(Exercise materials)

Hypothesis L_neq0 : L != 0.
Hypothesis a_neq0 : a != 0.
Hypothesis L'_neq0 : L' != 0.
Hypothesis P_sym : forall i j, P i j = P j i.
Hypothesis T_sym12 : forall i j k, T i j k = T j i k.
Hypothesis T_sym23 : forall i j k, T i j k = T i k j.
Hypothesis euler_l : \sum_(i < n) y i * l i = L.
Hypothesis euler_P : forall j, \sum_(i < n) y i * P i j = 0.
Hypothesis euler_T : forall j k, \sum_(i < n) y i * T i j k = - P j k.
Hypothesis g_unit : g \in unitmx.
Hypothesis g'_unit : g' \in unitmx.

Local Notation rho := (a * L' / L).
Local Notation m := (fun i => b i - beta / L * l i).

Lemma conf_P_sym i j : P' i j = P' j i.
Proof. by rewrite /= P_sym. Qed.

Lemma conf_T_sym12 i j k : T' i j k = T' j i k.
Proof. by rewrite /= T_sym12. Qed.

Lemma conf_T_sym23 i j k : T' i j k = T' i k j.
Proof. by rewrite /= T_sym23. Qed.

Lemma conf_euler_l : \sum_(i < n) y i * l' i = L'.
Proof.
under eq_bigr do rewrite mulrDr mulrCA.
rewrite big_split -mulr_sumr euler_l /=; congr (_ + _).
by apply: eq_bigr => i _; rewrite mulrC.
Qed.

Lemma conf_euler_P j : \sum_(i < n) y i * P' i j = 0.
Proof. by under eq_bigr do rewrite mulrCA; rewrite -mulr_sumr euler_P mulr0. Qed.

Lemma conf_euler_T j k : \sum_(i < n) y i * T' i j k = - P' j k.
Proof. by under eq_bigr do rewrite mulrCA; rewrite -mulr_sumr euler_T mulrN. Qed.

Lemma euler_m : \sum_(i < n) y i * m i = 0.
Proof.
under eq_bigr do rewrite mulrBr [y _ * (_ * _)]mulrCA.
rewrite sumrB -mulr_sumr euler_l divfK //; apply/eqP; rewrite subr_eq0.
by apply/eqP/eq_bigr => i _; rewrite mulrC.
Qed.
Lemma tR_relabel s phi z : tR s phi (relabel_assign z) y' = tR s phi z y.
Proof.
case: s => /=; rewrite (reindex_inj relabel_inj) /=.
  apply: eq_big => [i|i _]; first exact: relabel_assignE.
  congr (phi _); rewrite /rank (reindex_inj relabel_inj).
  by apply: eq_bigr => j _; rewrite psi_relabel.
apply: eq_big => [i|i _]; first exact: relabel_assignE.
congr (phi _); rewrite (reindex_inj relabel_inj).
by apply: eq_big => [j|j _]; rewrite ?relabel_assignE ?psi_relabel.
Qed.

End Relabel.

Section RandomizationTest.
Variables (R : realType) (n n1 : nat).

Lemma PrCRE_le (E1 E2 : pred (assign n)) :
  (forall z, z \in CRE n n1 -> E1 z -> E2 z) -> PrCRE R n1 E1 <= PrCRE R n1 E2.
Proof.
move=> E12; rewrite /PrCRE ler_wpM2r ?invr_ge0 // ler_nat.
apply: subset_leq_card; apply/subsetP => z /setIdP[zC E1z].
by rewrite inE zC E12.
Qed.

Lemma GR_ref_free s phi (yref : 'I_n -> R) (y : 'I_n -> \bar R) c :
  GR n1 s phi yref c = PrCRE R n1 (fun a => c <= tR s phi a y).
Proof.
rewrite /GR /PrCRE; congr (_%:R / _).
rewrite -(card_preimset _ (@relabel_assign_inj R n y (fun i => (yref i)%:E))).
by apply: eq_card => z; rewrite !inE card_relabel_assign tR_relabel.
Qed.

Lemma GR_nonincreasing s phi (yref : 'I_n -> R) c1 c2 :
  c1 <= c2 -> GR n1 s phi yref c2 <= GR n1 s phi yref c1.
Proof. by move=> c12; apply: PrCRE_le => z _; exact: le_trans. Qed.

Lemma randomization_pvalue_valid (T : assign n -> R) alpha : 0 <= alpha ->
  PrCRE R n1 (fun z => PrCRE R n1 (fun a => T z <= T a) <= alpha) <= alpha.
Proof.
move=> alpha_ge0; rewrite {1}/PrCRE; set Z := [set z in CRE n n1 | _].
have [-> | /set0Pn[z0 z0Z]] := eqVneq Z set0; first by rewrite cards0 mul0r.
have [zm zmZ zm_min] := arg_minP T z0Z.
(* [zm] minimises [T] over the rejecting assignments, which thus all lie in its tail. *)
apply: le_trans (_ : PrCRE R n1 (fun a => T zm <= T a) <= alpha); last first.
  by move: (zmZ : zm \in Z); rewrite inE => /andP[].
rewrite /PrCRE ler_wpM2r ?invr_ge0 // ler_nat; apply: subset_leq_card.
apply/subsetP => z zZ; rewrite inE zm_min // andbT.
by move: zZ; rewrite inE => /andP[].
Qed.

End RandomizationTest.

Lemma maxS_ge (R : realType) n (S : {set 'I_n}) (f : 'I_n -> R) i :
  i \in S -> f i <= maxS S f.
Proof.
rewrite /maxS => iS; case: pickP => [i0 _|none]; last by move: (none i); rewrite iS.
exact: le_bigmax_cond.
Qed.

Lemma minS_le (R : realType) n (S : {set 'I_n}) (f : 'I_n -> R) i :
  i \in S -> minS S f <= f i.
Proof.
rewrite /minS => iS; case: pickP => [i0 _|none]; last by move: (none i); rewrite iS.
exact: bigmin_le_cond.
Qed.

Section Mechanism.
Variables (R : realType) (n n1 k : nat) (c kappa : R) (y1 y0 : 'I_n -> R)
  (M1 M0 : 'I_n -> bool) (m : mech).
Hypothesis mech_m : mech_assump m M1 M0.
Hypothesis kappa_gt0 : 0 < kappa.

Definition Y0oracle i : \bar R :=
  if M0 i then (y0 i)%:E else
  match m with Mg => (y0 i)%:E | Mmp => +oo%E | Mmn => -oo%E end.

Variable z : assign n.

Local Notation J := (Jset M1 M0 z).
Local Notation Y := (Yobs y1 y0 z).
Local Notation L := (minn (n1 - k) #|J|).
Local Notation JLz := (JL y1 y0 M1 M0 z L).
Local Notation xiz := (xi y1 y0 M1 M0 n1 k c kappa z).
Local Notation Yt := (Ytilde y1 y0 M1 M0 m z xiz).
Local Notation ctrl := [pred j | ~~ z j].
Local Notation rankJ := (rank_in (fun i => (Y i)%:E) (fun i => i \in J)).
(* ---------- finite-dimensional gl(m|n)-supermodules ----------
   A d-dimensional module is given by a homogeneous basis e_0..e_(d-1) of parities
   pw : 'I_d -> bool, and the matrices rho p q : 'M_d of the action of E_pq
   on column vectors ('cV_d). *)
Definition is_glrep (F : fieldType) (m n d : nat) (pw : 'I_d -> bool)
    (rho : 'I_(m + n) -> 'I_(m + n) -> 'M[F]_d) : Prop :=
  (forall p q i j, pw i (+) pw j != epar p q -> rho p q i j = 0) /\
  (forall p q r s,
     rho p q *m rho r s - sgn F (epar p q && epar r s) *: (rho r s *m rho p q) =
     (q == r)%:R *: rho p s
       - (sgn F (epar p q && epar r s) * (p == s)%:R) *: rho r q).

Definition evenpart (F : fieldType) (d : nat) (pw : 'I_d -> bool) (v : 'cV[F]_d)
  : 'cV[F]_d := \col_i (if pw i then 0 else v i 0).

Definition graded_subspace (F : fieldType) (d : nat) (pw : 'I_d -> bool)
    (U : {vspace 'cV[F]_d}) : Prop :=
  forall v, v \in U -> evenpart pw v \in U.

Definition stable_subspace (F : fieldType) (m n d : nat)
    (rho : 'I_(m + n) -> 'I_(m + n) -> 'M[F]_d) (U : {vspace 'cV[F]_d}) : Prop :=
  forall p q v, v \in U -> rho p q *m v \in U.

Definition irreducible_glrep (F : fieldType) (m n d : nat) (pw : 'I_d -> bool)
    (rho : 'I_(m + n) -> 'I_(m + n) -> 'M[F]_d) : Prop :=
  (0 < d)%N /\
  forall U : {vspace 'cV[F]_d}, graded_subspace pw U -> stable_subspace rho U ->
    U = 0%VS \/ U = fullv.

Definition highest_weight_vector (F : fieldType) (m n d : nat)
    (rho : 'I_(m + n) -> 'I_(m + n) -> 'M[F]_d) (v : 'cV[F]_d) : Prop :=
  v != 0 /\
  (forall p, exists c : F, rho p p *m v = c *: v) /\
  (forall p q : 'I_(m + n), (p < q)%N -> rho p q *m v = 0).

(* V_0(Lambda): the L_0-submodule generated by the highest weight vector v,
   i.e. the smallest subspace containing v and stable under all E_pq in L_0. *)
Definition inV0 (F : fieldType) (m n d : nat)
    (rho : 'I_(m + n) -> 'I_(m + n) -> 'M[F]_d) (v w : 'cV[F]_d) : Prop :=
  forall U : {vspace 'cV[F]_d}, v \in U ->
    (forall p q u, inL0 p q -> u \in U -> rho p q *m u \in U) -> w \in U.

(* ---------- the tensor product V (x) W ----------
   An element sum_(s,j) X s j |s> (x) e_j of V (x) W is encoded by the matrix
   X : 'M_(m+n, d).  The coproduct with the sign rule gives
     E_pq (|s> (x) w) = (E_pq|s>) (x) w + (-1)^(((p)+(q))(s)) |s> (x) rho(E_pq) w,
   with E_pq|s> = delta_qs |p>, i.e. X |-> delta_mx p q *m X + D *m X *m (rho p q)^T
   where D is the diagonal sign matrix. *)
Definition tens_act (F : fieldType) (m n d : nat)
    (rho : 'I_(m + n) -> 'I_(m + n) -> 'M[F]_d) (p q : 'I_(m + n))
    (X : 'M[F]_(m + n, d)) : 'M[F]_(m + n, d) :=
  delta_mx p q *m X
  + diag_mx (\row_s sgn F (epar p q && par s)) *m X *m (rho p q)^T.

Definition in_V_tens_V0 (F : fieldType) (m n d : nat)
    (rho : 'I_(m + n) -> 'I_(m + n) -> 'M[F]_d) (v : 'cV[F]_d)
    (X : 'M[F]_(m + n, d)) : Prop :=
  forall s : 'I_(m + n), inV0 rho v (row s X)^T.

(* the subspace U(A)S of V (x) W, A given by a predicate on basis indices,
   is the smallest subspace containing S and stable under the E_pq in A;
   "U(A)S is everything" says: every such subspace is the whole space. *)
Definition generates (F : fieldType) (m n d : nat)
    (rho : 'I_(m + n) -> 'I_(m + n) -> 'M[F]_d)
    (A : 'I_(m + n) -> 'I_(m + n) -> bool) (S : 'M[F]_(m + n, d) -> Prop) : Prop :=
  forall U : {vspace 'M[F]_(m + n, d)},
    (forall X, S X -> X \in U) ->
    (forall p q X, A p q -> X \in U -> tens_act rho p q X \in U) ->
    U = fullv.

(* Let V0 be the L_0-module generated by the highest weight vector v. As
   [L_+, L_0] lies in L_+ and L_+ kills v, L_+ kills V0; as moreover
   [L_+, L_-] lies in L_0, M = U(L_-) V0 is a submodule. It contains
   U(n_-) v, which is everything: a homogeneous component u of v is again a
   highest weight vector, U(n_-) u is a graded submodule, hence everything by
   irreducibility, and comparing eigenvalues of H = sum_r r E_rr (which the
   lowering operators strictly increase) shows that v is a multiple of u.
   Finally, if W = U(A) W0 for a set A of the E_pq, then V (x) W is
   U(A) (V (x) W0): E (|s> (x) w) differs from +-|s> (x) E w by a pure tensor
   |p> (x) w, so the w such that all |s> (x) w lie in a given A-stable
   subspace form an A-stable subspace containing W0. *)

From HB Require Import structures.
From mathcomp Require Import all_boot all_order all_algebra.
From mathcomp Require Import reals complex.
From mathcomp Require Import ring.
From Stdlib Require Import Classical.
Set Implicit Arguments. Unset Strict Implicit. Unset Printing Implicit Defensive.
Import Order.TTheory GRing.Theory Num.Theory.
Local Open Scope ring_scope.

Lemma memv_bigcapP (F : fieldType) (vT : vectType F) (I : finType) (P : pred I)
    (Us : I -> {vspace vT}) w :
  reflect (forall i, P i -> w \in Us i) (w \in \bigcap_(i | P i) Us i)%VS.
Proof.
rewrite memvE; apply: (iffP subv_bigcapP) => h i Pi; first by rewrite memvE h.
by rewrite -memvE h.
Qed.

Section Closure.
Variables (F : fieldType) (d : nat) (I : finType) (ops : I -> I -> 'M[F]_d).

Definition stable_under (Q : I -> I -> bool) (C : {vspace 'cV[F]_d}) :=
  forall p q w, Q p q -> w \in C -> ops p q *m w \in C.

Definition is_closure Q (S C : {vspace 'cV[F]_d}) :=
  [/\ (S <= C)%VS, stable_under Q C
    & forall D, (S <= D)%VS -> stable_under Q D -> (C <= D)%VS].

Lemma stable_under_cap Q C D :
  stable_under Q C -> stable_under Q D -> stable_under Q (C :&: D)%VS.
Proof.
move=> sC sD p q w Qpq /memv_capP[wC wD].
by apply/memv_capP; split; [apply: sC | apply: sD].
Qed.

(End Exercise materials)

Instructions to follow →
Take each line of the material above that holds the string "smallest" and copy it.

Worked solution →
   i.e. the smallest subspace containing v and stable under all E_pq in L_0. *)
   is the smallest subspace containing S and stable under the E_pq in A;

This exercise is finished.